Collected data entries
● ● ● ● ● ● ●

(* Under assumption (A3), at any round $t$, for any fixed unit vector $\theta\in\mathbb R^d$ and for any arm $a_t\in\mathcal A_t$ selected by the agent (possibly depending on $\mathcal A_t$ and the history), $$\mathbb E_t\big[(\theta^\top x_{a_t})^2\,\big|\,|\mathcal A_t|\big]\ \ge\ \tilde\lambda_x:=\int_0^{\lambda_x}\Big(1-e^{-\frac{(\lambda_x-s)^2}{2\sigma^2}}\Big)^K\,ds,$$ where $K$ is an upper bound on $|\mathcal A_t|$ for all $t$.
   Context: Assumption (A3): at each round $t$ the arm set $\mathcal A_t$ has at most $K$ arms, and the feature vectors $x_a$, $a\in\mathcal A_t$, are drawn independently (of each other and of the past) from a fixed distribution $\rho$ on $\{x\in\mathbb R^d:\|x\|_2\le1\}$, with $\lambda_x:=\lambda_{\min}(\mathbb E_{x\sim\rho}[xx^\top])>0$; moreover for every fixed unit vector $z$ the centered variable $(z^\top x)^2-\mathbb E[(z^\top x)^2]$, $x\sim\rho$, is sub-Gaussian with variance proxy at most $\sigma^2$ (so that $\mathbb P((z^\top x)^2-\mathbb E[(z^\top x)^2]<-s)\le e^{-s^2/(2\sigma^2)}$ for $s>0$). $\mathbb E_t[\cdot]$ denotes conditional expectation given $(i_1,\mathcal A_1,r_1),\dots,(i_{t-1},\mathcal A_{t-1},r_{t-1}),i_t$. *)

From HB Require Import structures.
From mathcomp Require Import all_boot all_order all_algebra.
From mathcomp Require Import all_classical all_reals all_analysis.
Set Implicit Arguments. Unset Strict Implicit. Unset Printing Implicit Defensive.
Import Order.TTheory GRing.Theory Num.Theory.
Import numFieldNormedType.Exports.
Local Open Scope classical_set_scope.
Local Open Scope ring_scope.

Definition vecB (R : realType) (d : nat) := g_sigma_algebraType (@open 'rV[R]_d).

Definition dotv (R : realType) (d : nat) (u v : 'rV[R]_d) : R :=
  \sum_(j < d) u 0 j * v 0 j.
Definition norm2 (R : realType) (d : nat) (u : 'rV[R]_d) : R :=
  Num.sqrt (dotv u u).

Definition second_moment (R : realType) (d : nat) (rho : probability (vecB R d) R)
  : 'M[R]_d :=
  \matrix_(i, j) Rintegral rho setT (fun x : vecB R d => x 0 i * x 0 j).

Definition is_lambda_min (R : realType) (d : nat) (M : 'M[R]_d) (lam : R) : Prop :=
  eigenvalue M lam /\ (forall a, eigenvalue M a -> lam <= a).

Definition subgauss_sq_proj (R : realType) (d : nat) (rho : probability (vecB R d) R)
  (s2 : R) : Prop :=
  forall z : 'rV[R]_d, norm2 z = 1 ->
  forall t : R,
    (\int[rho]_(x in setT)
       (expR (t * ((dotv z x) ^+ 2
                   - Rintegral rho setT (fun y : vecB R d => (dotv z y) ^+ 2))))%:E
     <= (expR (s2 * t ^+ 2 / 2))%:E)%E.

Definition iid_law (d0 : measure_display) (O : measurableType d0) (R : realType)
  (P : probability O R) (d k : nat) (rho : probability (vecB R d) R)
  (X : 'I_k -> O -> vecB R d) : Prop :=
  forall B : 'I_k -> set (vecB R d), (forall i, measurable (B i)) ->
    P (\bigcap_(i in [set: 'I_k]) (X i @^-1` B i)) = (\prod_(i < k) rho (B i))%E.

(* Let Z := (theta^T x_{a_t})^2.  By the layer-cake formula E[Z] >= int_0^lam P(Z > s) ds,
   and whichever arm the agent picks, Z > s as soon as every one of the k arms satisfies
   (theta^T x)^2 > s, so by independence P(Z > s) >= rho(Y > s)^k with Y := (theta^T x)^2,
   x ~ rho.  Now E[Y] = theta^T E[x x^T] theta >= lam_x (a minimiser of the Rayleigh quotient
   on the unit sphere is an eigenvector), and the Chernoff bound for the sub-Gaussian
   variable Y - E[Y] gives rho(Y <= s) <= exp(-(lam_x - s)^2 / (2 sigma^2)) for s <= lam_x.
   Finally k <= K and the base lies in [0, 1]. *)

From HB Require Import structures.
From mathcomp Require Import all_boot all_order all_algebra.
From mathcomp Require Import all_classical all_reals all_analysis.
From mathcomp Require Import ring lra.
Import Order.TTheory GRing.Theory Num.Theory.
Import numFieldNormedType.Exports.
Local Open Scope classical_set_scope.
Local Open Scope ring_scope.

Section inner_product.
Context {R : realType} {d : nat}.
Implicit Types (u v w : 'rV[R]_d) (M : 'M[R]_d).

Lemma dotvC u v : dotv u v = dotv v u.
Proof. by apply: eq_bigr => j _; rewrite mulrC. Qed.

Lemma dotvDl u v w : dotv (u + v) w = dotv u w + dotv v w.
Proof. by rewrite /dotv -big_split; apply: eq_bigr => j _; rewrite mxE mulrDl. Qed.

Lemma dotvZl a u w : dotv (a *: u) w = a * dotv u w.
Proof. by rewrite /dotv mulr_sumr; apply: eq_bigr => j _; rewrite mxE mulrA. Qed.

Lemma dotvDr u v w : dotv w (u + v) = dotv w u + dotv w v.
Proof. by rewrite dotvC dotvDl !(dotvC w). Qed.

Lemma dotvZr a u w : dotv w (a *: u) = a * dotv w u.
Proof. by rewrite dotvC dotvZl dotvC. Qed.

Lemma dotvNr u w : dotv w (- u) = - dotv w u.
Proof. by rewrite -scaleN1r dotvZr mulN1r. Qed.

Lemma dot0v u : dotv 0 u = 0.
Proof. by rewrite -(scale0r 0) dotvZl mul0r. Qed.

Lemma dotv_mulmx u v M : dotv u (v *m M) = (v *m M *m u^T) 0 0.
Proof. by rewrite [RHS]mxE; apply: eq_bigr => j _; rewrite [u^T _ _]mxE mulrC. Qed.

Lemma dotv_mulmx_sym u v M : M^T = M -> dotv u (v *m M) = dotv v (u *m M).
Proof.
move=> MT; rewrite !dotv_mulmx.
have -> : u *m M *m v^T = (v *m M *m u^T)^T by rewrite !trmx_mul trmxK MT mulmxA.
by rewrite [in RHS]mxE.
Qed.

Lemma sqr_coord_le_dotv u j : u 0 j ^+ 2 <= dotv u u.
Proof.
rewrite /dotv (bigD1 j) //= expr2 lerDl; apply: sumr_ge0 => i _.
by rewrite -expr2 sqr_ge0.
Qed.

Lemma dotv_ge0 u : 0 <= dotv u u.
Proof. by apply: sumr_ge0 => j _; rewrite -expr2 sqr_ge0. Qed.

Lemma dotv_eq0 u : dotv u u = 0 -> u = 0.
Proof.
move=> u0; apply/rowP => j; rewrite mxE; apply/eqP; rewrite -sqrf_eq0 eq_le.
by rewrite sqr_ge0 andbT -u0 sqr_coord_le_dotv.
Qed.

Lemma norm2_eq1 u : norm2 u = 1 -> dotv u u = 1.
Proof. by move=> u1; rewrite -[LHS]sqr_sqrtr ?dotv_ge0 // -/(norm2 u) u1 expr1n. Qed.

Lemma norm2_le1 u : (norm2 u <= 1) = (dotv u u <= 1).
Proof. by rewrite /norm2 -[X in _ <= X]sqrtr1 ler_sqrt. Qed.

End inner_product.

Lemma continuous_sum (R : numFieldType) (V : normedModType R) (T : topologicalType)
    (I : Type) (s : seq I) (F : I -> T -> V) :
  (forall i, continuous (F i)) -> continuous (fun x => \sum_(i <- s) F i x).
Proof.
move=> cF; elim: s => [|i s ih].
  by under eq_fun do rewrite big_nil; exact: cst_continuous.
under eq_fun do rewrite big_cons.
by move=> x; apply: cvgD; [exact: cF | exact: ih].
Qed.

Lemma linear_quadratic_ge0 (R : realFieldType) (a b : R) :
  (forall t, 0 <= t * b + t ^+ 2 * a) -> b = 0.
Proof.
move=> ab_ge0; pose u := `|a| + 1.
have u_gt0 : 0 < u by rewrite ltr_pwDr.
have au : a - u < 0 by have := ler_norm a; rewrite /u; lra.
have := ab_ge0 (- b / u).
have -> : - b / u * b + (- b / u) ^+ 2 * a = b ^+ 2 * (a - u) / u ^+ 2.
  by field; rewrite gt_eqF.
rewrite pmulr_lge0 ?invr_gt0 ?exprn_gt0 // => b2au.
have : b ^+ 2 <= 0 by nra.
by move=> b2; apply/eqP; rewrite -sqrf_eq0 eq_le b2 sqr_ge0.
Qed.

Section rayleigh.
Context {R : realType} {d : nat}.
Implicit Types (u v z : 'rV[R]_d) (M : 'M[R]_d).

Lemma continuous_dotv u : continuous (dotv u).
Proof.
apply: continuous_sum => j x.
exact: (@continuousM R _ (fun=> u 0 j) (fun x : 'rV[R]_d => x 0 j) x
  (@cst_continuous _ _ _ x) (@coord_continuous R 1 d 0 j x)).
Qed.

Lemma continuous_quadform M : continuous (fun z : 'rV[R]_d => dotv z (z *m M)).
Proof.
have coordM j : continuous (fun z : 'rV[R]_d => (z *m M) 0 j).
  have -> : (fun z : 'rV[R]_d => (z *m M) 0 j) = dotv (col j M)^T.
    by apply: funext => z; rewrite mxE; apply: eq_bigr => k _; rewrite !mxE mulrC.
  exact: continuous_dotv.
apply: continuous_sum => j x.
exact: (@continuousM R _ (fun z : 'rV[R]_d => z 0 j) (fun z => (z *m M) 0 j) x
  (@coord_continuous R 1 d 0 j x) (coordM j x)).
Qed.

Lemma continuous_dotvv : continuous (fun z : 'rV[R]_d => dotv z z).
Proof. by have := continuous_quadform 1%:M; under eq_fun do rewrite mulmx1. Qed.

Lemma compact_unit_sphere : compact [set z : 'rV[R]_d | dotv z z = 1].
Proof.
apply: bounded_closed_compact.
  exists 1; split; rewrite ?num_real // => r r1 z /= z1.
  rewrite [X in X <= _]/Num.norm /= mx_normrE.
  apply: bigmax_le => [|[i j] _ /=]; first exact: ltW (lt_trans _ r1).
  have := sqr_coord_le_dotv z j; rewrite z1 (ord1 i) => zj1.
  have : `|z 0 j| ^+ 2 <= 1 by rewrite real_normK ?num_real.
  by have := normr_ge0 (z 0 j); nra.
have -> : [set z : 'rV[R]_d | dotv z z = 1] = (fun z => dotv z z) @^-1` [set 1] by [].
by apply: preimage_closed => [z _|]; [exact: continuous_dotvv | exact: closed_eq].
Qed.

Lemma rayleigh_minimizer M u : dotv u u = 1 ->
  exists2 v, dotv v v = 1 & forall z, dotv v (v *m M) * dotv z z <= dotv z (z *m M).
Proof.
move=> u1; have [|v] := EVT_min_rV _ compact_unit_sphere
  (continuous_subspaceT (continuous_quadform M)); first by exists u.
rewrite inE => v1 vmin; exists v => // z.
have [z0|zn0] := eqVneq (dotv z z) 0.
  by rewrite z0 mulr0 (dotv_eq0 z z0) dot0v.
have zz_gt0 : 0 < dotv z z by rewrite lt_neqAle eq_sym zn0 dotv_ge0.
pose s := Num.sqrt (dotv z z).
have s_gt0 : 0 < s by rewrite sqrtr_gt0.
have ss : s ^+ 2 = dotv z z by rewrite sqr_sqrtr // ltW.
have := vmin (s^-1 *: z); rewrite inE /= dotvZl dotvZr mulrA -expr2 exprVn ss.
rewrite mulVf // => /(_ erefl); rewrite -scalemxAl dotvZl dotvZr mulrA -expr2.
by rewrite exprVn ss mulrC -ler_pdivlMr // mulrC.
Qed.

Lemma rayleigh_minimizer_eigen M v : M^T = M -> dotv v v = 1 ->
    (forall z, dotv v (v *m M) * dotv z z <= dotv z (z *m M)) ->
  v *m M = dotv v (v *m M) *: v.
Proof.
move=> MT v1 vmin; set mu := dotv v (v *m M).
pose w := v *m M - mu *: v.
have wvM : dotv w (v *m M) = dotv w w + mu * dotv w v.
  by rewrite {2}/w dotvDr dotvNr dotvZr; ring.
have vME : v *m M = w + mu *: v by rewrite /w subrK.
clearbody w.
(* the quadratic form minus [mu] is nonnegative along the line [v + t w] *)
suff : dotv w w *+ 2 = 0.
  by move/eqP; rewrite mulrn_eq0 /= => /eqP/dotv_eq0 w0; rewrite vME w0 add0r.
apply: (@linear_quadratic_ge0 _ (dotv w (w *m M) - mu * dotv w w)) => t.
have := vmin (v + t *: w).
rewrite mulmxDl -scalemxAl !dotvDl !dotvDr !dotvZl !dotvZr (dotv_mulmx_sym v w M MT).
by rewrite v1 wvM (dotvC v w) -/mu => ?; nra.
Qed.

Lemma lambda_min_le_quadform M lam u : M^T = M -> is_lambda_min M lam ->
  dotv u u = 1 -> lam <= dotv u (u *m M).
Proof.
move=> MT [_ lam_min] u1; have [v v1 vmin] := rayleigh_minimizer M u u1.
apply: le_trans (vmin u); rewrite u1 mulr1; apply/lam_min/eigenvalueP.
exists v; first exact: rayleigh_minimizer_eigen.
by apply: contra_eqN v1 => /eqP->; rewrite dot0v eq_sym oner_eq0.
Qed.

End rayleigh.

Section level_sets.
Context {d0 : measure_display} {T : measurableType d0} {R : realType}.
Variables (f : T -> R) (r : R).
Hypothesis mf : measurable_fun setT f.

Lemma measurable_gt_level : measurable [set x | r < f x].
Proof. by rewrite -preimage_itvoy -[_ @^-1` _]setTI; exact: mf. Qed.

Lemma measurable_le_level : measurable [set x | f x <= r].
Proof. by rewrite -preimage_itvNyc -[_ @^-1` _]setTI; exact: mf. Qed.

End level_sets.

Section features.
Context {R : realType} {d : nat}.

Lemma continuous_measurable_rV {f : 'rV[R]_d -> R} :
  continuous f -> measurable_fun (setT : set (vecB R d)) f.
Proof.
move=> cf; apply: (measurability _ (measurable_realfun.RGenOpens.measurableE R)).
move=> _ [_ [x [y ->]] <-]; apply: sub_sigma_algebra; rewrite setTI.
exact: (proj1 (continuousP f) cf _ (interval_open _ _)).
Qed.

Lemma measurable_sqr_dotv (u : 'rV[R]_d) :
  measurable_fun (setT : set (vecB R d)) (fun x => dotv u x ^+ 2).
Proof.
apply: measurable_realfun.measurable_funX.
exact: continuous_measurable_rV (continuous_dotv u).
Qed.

● ● ● ● ● ● ●

**WORK REQUIRED**. Begin with the line above that has "Proof. by have" and continue through the line that has "have := vmin (s^-1", setting each one down exactly. Stop there.

**RESPONSE TO THE TASK**.
Proof. by have := continuous_quadform 1%:M; under eq_fun do rewrite mulmx1. Qed.

Lemma compact_unit_sphere : compact [set z : 'rV[R]_d | dotv z z = 1].
Proof.
apply: bounded_closed_compact.
  exists 1; split; rewrite ?num_real // => r r1 z /= z1.
  rewrite [X in X <= _]/Num.norm /= mx_normrE.
  apply: bigmax_le => [|[i j] _ /=]; first exact: ltW (lt_trans _ r1).
  have := sqr_coord_le_dotv z j; rewrite z1 (ord1 i) => zj1.
  have : `|z 0 j| ^+ 2 <= 1 by rewrite real_normK ?num_real.
  by have := normr_ge0 (z 0 j); nra.
have -> : [set z : 'rV[R]_d | dotv z z = 1] = (fun z => dotv z z) @^-1` [set 1] by [].
by apply: preimage_closed => [z _|]; [exact: continuous_dotvv | exact: closed_eq].
Qed.

Lemma rayleigh_minimizer M u : dotv u u = 1 ->
  exists2 v, dotv v v = 1 & forall z, dotv v (v *m M) * dotv z z <= dotv z (z *m M).
Proof.
move=> u1; have [|v] := EVT_min_rV _ compact_unit_sphere
  (continuous_subspaceT (continuous_quadform M)); first by exists u.
rewrite inE => v1 vmin; exists v => // z.
have [z0|zn0] := eqVneq (dotv z z) 0.
  by rewrite z0 mulr0 (dotv_eq0 z z0) dot0v.
have zz_gt0 : 0 < dotv z z by rewrite lt_neqAle eq_sym zn0 dotv_ge0.
pose s := Num.sqrt (dotv z z).
have s_gt0 : 0 < s by rewrite sqrtr_gt0.
have ss : s ^+ 2 = dotv z z by rewrite sqr_sqrtr // ltW.
have := vmin (s^-1 *: z); rewrite inE /= dotvZl dotvZr mulrA -expr2 exprVn ss.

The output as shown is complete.